Preparations for pivotal-stage readiness of vididencel in AML on track

The hard work of the Mendus team to advance the company’s lead product vididencel in acute myeloid leukemia (AML) continued to pay off during the  fourth quarter of 2024.

In December, we presented positive updated survival data of the ongoing ADVANCE II Phase 2 trial at ASH, demonstrating that the majority of patients treated remained alive at 41.8 months median follow-up. Also in Q4, we received positive EMA and FDA feedback endorsing our registration trial preparations. We successfully advanced our manufacturing alliance for the large-scale production of vididencel. The progress realized during the quarter keeps us on track to achieve pivotal-stage readiness of vididencel in AML as our lead program in the second half of 2025.


Erik Manting, CEO

AML is an aggressive from of blood cancer which yearly affects about 50,000 people in Europe and the US only and 145,000 people globally. It is a highly deadly disease, with a 5-year survival rate of approximately 30%. The only potential curative approach for AML is a hematopoietic stem cell transplant (HSCT) following successful chemotherapy, but this is not available for the majority of patients. In the Phase 2 ADVANCE II trial, AML patients that were in complete remission following high-intensity chemotherapy were treated with vididencel. All patients had measurable residual disease (MRD), which is associated with an increased risk of disease relapse and poor overall survival. Mendus presented updated survival data of the ADVANCE II trial during the American Society of Hematology (ASH) conference last December. The data showed that the majority (13/20) of patients treated with vididencel were alive at a median follow-up of 41.8 months. Immunological analyses of patient samples collected during the trial showed that durable clinical remissions were associated with broad immune responses detected after vididencel treatment, confirming the product’s mode of action as an active immunotherapy in AML.

The positive updated Phase 2 survival data presented at ASH support our ongoing registration trial preparations for vididencel in AML. In Q4, Mendus received feedback on its development program for vididencel in an end-of-Phase 2 meeting held with US Food and Drug Administration (FDA) and a Scientific Advice Meeting with the European Medicines Agency (EMA). The feedback from both agencies supported the registration trial design, patient population, reference therapy, primary and secondary endpoints and statistical analysis strategy, as proposed by Mendus. The agencies also agreed to the development steps taken by Mendus towards establishing large-scale manufacturing of vididencel. To support late-stage clinical development and future commercialization, Mendus has entered into a large-scale manufacturing alliance with NorthX Biologics, a specialized contract manufacturing organization. The alliance is on track, with multiple consecutive large-scale production runs having been completed successfully and production of clinical-grade material expected in the second half of 2025.

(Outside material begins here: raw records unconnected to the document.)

(* Let ${\cal G}_{sym}$ be the class of scheduling games on related machines with arbitrary priority lists in which all jobs have the same processing-time function (either all $p(t)=b+at$ with $b,a\ge0$, or all $p(t)=\max\{\tau,b-at\}$ with $b,a\ge0$, $\tau>0$). Then $PoA({\cal G}_{sym})=PoS({\cal G}_{sym})=1$; that is, every game in ${\cal G}_{sym}$ has a pure Nash equilibrium and every pure Nash equilibrium has minimum makespan.
   Context: Scheduling game: a finite set $N$ of $n\ge1$ jobs (players) and a set $M$ of machines. Machine $j$ has speed $s_j>0$ and a priority list $\pi_j$, a bijection $N\to\{1,\dots,n\}$; job $u$ has higher priority than $v$ on $j$ iff $\pi_j(u)<\pi_j(v)$. A profile $\sigma\in M^N$ assigns each job to a machine. On machine $j$, the jobs assigned to it, listed in increasing $\pi_j$-order as $i_1,i_2,\dots$, are processed without idle time: $S_{i_1}(\sigma)=0$, $C_{i_k}(\sigma)=S_{i_k}(\sigma)+p_{i_k}(S_{i_k}(\sigma))/s_j$, $S_{i_{k+1}}(\sigma)=C_{i_k}(\sigma)$. The cost of job $i$ is $C_i(\sigma)$. A pure Nash equilibrium (NE) is a profile in which no job can strictly decrease its completion time by unilaterally changing its machine. Makespan $C_{\max}(\sigma)=\max_iC_i(\sigma)$; $OPT(G)=\min_\sigma C_{\max}(\sigma)$ over all profiles. For a game with at least one NE, $PoA(G)=\max_{\sigma\text{ NE}}C_{\max}(\sigma)/OPT(G)$ and $PoS(G)=\min_{\sigma\text{ NE}}C_{\max}(\sigma)/OPT(G)$; for a class, the supremum over its games. *)

From HB Require Import structures.
From mathcomp Require Import all_boot all_order all_algebra all_fingroup.
From mathcomp Require Import reals.
Set Implicit Arguments. Unset Strict Implicit. Unset Printing Implicit Defensive.
Import Order.TTheory GRing.Theory Num.Theory.
Local Open Scope ring_scope.

Section Sched.
Variables (R : realType) (n : nat) (M : finType).
(* common processing-time function of all jobs, speeds, priority lists *)
Variables (p : R -> R) (s : M -> R) (pi : M -> {perm 'I_n}).

Definition profile := {ffun 'I_n -> M}.

(* jobs assigned to machine j by sigma, in increasing priority order
   (i.e. increasing pi j-rank) *)
Definition queue (sigma : profile) (j : M) : seq 'I_n :=
  [seq ((pi j)^-1)%g k | k <- enum 'I_n & sigma (((pi j)^-1)%g k) == j].

Fixpoint ctime (sp : R) (t : R) (l : seq 'I_n) (i : 'I_n) : R :=
  match l with
  | [::] => 0
  | u :: l' => let c := t + p t / sp in
               if u == i then c else ctime sp c l' i
  end.

Definition C (sigma : profile) (i : 'I_n) : R :=
  ctime (s (sigma i)) 0 (queue sigma (sigma i)) i.

Definition deviate (sigma : profile) (i : 'I_n) (j : M) : profile :=
  [ffun k => if k == i then j else sigma k].

Definition is_NE (sigma : profile) : Prop :=
  forall (i : 'I_n) (j : M), C sigma i <= C (deviate sigma i j) i.

Definition Cmax (sigma : profile) : R := \big[Num.max/0]_(i < n) C sigma i.

Definition min_makespan (sigma : profile) : Prop :=
  forall tau : profile, Cmax sigma <= Cmax tau.
End Sched.

Definition sym_proc (R : realType) (p : R -> R) : Prop :=
  (exists a b : R, 0 <= a /\ 0 <= b /\ p = (fun t => b + a * t)) \/
  (exists a b tau : R, 0 <= a /\ 0 <= b /\ 0 < tau /\
     p = (fun t => Num.max tau (b - a * t))).

From HB Require Import structures.
From mathcomp Require Import all_boot all_order all_algebra all_fingroup.
From mathcomp Require Import reals zify.
Import Order.TTheory GRing.Theory Num.Theory.
Local Open Scope ring_scope.

Set Implicit Arguments. Unset Strict Implicit. Unset Printing Implicit Defensive.

(* Since all jobs share the processing-time function p, the completion time of
   a job depends only on the speed of its machine and on its position k in the
   queue: it is the k-th iterate of t |-> t + p(t)/s from 0, which is
   nondecreasing in k as soon as p >= 0 on [0, +oo).

   A Nash equilibrium sigma is then optimal: given any profile tau and a job i
   on machine j, either tau puts at least as many jobs on j as sigma, and the
   last of them finishes no earlier than i does, or tau puts more jobs than
   sigma on some machine j'; then i could move to j' with at most
   #jobs_sigma(j') jobs ahead of it, so by stability it finishes no later than
   the last job that tau puts on j'.

   An equilibrium is built greedily: pick the machine j on which one more job
   would finish earliest and assign to it the unplaced job of highest priority
   on j.  Every placed job precedes every unplaced one on its own machine, so
   later insertions never delay it there, and they can only delay it
   elsewhere; the newly placed job is stable by the choice of j.  Nothing about
   p beyond its nonnegativity on [0, +oo) is used. *)

Section Completion.
Variables (R : realType) (p : R -> R) (sp : R).

Definition proc_step (t : R) : R := t + p t / sp.

Definition completion (k : nat) : R := iter k proc_step 0.

Lemma ctimeE n t (l : seq 'I_n) i :
  ctime p sp t l i = if i \in l then iter (index i l).+1 proc_step t else 0.
Proof.
elim: l t => [|u l IHl] t //=.
rewrite inE eq_sym; case: eqP => [->|_] //=.
by rewrite IHl; case: ifP => // _; rewrite -iterSr.
Qed.

Hypotheses (p_ge0 : forall t, 0 <= t -> 0 <= p t) (sp_gt0 : 0 < sp).

Lemma completion_ge0 k : 0 <= completion k.
Proof.
elim: k => [|k IHk] //=.
by rewrite /proc_step addr_ge0 // divr_ge0 ?p_ge0 // ltW.
Qed.

Lemma completion_homo : {homo completion : k k' / (k <= k')%N >-> k <= k'}.
Proof.
apply: homo_leq => [x|x y z|k]; [exact: lexx|exact: le_trans|].
rewrite [completion k.+1]/= /proc_step lerDl.
by rewrite divr_ge0 ?p_ge0 ?completion_ge0 ?ltW.
Qed.

End Completion.

Lemma index_sorted_lt d (T : orderType d) (s : seq T) x :
  sorted <%O s -> x \in s -> index x s = count (< x)%O s.
Proof.
elim: s => [|y s IHs] //= s_sorted.
have y_min : all (> y)%O s by exact: order_path_min lt_trans s_sorted.
rewrite inE eq_sym; case: eqP => [<- _|/eqP y_neq_x xs] /=.
  rewrite ltxx add0n; apply/esym/eqP; rewrite -leqn0 leqNgt -has_count.
  by apply/hasPn => z zs; rewrite /= -leNgt ltW // (allP y_min).
by rewrite (allP y_min x xs) IHs //; exact: path_sorted s_sorted.
Qed.

Section Queues.
Variables (n : nat) (M : finType) (pi : M -> {perm 'I_n}).
Implicit Types (sigma : profile n M) (S : {set 'I_n}) (i : 'I_n) (j : M).

Definition ahead sigma S j i : nat :=
  #|[set u in S | (sigma u == j) && (pi j u < pi j i)%N]|.

Definition load sigma S j : nat := #|[set u in S | sigma u == j]|.

Lemma mem_queue sigma j i : (i \in queue pi sigma j) = (sigma i == j).
Proof.
rewrite /queue -[i in LHS](permK (pi j)) mem_map; last exact: perm_inj.
by rewrite mem_filter mem_enum andbT permK.
Qed.

Lemma index_queue sigma j i :
  sigma i = j -> index i (queue pi sigma j) = ahead sigma setT j i.
Proof.
move=> sigma_i; rewrite /queue; set P := pi j.
set F := [seq k <- enum 'I_n | sigma ((P^-1)%g k) == j].
have F_sorted : sorted <%O F.
  apply: sorted_filter; first exact: lt_trans.
  by have := iota_ltn_sorted 0 n; rewrite -val_enum_ord sorted_map.
have Pi_F : P i \in F by rewrite mem_filter mem_enum permK sigma_i eqxx.
rewrite -[i in LHS](permK P) index_map; last exact: perm_inj.
rewrite (index_sorted_lt F_sorted Pi_F) count_filter enumT.
rewrite /ahead -(card_imset _ (@perm_inj _ P)) cardE /enum_mem size_filter.
apply: eq_count => k /=.
rewrite -[k in RHS](permKV P) mem_imset; last exact: perm_inj.
by rewrite !inE andbC permKV.
Qed.

Lemma ahead_lt_load sigma S i :
  i \in S -> (ahead sigma S (sigma i) i < load sigma S (sigma i))%N.
Proof.
move=> iS; rewrite /load (cardsD1 i) !inE iS eqxx add1n ltnS.
apply/subset_leq_card/subsetP => u; rewrite !inE => /and3P[uS -> lt_ui].
by rewrite uS !andbT; apply: contraTneq lt_ui => ->; rewrite ltnn.
Qed.

Lemma ahead_le_load sigma S j i : (ahead sigma S j i <= load sigma S j)%N.
Proof.
by apply/subset_leq_card/subsetP => u; rewrite !inE => /and3P[-> ->].
Qed.

Lemma exists_last_job sigma j :
  (0 < load sigma setT j)%N ->
  exists2 u, sigma u = j & ahead sigma setT j u = (load sigma setT j).-1.
Proof.
move=> /card_gt0P[u0]; rewrite !inE => u0_j.
have [u /eqP u_j u_max] :=
  @arg_maxnP _ u0 (fun v => sigma v == j) (fun v => nat_of_ord (pi j v)) u0_j.
exists u => //.
rewrite /load (cardsD1 u) !inE u_j eqxx add1n /=.
apply: eq_card => v; rewrite !inE.
case: (eqVneq v u) => [->|v_neq_u] /=; first by rewrite ltnn andbF.
case v_j: (sigma v == j) => //=.
have /= le_vu := u_max v v_j; rewrite ltn_neqAle le_vu andbT.
by apply: contra v_neq_u => /eqP/val_inj/perm_inj ->.
Qed.

Lemma sum_load sigma : (\sum_j load sigma setT j)%N = n.
Proof.
rewrite -[n in RHS]card_ord -sum1_card (partition_big sigma xpredT) //=.
apply: eq_bigr => j _; rewrite /load -sum1_card.
by apply: eq_bigl => u; rewrite !inE.
Qed.

End Queues.

Section Insertion.
Variables (n : nat) (M : finType) (pi : M -> {perm 'I_n}).

Definition served_first (sigma : profile n M) (S : {set 'I_n}) : Prop :=
  forall u v, u \in S -> v \notin S -> (pi (sigma u) u < pi (sigma u) v)%N.

Variables (sigma : profile n M) (S : {set 'I_n}) (u : 'I_n) (j : M).
Hypothesis u_notin_S : u \notin S.
Let sigma' := deviate sigma u j.

Let sigma'_u : sigma' u = j.
Proof. by rewrite /sigma' /deviate ffunE eqxx. Qed.

Let sigma'_S v : v \in S -> sigma' v = sigma v.
Proof.
by move=> vS; rewrite /sigma' /deviate ffunE; case: eqP vS u_notin_S => // ->->.
Qed.

Lemma ahead_deviate_le i j' :
  i \in S -> (ahead pi sigma S j' i <= ahead pi sigma' (u |: S) j' i)%N.
Proof.
move=> iS; apply/subset_leq_card/subsetP => v; rewrite !inE.
by case/and3P => vS sigma_v lt_vi; rewrite vS orbT sigma'_S // sigma_v lt_vi.
Qed.

Hypothesis sigma_S : served_first sigma S.

Lemma ahead_deviate_own i :
  i \in S -> ahead pi sigma' (u |: S) (sigma i) i = ahead pi sigma S (sigma i) i.
Proof.
move=> iS; apply: eq_card => v; rewrite !inE.
case: (eqVneq v u) => [->|v_neq_u] /=.
  rewrite (negbTE u_notin_S) sigma'_u; apply/negbTE/andP => -[_ lt_ui].
  by have := sigma_S iS u_notin_S; rewrite ltnNge (ltnW lt_ui).
by case vS: (v \in S); rewrite /= ?sigma'_S.
Qed.

Lemma ahead_deviate_new j' : ahead pi sigma' (u |: S) j' u = load sigma S j'.
Proof.
apply: eq_card => v; rewrite !inE.
case: (eqVneq v u) => [->|v_neq_u] /=.
  by rewrite (negbTE u_notin_S) ltnn !andbF.
case vS: (v \in S) => //=; rewrite sigma'_S //.
by case: eqP => //= <-; exact: sigma_S.
Qed.

Lemma served_first_deviate :
  (forall v, v \notin S -> (pi j u <= pi j v)%N) -> served_first sigma' (u |: S).
Proof.
move=> u_min x y; rewrite !inE negb_or => /orP[/eqP->|xS] /andP[y_neq_u yS].
  rewrite sigma'_u ltn_neqAle u_min // andbT.
  by apply: contra y_neq_u => /eqP/val_inj/perm_inj ->.
by rewrite sigma'_S //; exact: sigma_S.
Qed.

End Insertion.

Lemma exists_lt_of_sum_eq (I : finType) (f g : I -> nat) j :
  (\sum_i f i = \sum_i g i)%N -> (g j < f j)%N -> exists i, (f i < g i)%N.
Proof.
move=> sum_fg lt_gf_j; apply/existsP; apply: contraLR lt_gf_j => /existsPn g_le_f.
have : (\sum_(i | i != j) g i <= \sum_(i | i != j) f i)%N.
  by apply: leq_sum => i _; rewrite leqNgt g_le_f.
by move: sum_fg; rewrite (bigD1 j) // [X in _ = X](bigD1 j) //=; lia.
Qed.

Section Schedules.
Variables (R : realType) (n : nat) (M : finType).
Variables (p : R -> R) (s : M -> R) (pi : M -> {perm 'I_n}).
Implicit Types (sigma tau : profile n M) (S : {set 'I_n}) (i : 'I_n) (j : M).

Lemma C_aheadE sigma i :
  C p s pi sigma i =
  completion p (s (sigma i)) (ahead pi sigma setT (sigma i) i).+1.
Proof. by rewrite /C ctimeE mem_queue eqxx index_queue. Qed.

Lemma C_deviate sigma i j :
  C p s pi (deviate sigma i j) i =
  completion p (s j) (ahead pi sigma setT j i).+1.
Proof.
rewrite C_aheadE /deviate ffunE eqxx; congr (completion _ _ _.+1).
apply: eq_card => u; rewrite !inE ffunE.
by case: (eqVneq u i) => [->|]; rewrite ?ltnn ?andbF.
Qed.

Hypotheses (p_ge0 : forall t, 0 <= t -> 0 <= p t) (s_gt0 : forall j, 0 < s j).

Lemma completion_le_Cmax tau j k :
  (k < load tau setT j)%N -> completion p (s j) k.+1 <= Cmax p s pi tau.
Proof.
move=> lt_k_load; have load_gt0 := leq_ltn_trans (leq0n k) lt_k_load.
have [u tau_u ahead_u] := exists_last_job pi load_gt0.
apply: le_trans (le_bigmax _ _ u).
by rewrite C_aheadE tau_u ahead_u prednK // completion_homo.
Qed.

Lemma NE_min_makespan sigma : is_NE p s pi sigma -> min_makespan p s pi sigma.
Proof.
move=> sigma_NE tau; apply: bigmax_le => [|i _]; first exact: bigmax_ge_id.
rewrite C_aheadE; set j := sigma i.
have lt_ahead_load := ahead_lt_load pi sigma (in_setT i).
have [le_load|lt_load] := leqP (load sigma setT j) (load tau setT j).
  exact/completion_le_Cmax/(leq_trans lt_ahead_load).
have sum_loads : (\sum_j load sigma setT j = \sum_j load tau setT j)%N.
  by rewrite !sum_load.
have [j' lt_load'] := exists_lt_of_sum_eq sum_loads lt_load.
apply: le_trans (completion_le_Cmax lt_load').
rewrite -C_aheadE (le_trans (sigma_NE i j')) // C_deviate.
by rewrite completion_homo // ltnS ahead_le_load.
Qed.

Definition stable_on sigma S : Prop :=
  forall i, i \in S -> forall j,
    completion p (s (sigma i)) (ahead pi sigma S (sigma i) i).+1
    <= completion p (s j) (ahead pi sigma S j i).+1.

Lemma stable_on_setT_NE sigma : stable_on sigma setT -> is_NE p s pi sigma.
Proof.
by move=> sigma_stable i j; rewrite C_aheadE C_deviate sigma_stable ?inE.
Qed.

Lemma greedy_step sigma S v0 :
  served_first pi sigma S -> stable_on sigma S -> v0 \notin S ->
  exists u sigma',
    [/\ u \notin S, served_first pi sigma' (u |: S) & stable_on sigma' (u |: S)].
Proof.
move=> sigma_S sigma_stable v0S.
pose next_completion j := completion p (s j) (load sigma S j).+1.
have [j _ j_min] := @arg_minP _ _ M (sigma v0) xpredT next_completion isT.
have [u uS u_min] :=
  @arg_minnP _ v0 (fun v => v \notin S) (fun v => nat_of_ord (pi j v)) v0S.
exists u, (deviate sigma u j); split => //; first exact: served_first_deviate.
move=> i; rewrite !inE => /orP[/eqP->|iS] j'.
  by rewrite !ahead_deviate_new // /deviate ffunE eqxx; exact: j_min.
have -> : deviate sigma u j i = sigma i.
  by rewrite ffunE; case: eqP iS uS => // ->->.
rewrite ahead_deviate_own //; apply: le_trans (sigma_stable i iS j') _.
by rewrite completion_homo // ltnS ahead_deviate_le.
Qed.

Lemma exists_stable_profile (m0 : M) k : (k <= n)%N ->
  exists sigma S, [/\ #|S| = k, served_first pi sigma S & stable_on sigma S].
Proof.
elim: k => [|k IHk] lt_k_n.
  by exists [ffun => m0], set0; split => [|u v|i]; rewrite ?cards0 ?inE.
have [sigma [S [card_S sigma_S sigma_stable]]] := IHk (ltnW lt_k_n).
have /card_gt0P[v0] : (0 < #|~: S|)%N.
  by have := cardsC S; rewrite card_ord card_S; lia.
rewrite inE => v0S.
have [u [sigma' [uS sigma'_S sigma'_stable]]] :=
  greedy_step sigma_S sigma_stable v0S.
by exists sigma', (u |: S); rewrite cardsU1 uS card_S.
Qed.

End Schedules.

Lemma sym_proc_ge0 (R : realType) (p : R -> R) :
  sym_proc p -> forall t, 0 <= t -> 0 <= p t.
Proof.
case=> [[a [b [a_ge0 [b_ge0 ->]]]]|[a [b [tau [_ [_ [tau_gt0 ->]]]]]]] t t_ge0.
  by rewrite addr_ge0 // mulr_ge0.
by rewrite le_max ltW.
Qed.

Theorem theorem8 (R : realType) (n : nat) (M : finType)
    (p : R -> R) (s : M -> R) (pi : M -> {perm 'I_n}) :
  (0 < n)%N -> (0 < #|M|)%N ->
  (forall j, 0 < s j) ->
  sym_proc p ->
  (exists sigma : profile n M, is_NE p s pi sigma) /\
  (forall sigma : profile n M, is_NE p s pi sigma -> min_makespan p s pi sigma).
Proof.
move=> _ /card_gt0P[m0 _] s_gt0 /sym_proc_ge0 p_ge0.
split; last exact: NE_min_makespan.
have [sigma [S [card_S _ sigma_stable]]] :=
  exists_stable_profile pi p_ge0 s_gt0 m0 (leqnn n).
have S_full : S = setT.
  by apply/eqP; rewrite eqEcard subsetT cardsT card_ord card_S leqnn.
by exists sigma; apply: stable_on_setT_NE; rewrite -S_full.
Qed.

In addition to preparing for pivotal-stage readiness of vididencel as a post-chemotherapy maintenance treatment for MRD+ AML patients, Mendus is aiming to broaden the potential of vididencel by expanding its clinical development. We continue to work with the Australasian Leukaemia and Lymphoma Group (ALLG) to study vididencel in combination with oral azacitidine, currently the only approved AML maintenance treatment, for both MRD+ and MRD- patients in the AMLM22-CADENCE trial. The collaboration with ALLG significantly expands Mendus’ clinical trial network and the data collected in the CADENCE trial will contribute to the safety dossier of vididencel, supporting Mendus’ registration trial preparations. Two preclinical abstracts presented at ASH focused on the applicability of vididencel in additional patient populations. AML patients not eligible for high-intensity chemotherapy can today be treated with a combination of azacitidine (AZA) and venetoclax (VEN). A series of preclinical experiments demonstrated that vididencel acts synergistically with AZA+VEN, supporting potential clinical evaluation of vididencel as a maintenance therapy also in this patient population. The second preclinical abstract presented at ASH studied vididencel in chronic myeloid leukemia (CML). In CML, stimulation of active immunity against residual cancer cells with vididencel may allow for more patients to control their disease without the need for life-long medication. Subject to funding, Mendus is preparing for additional vididencel trials which may further broaden the addressable patient population in AML and adjacent diseases, such as CML.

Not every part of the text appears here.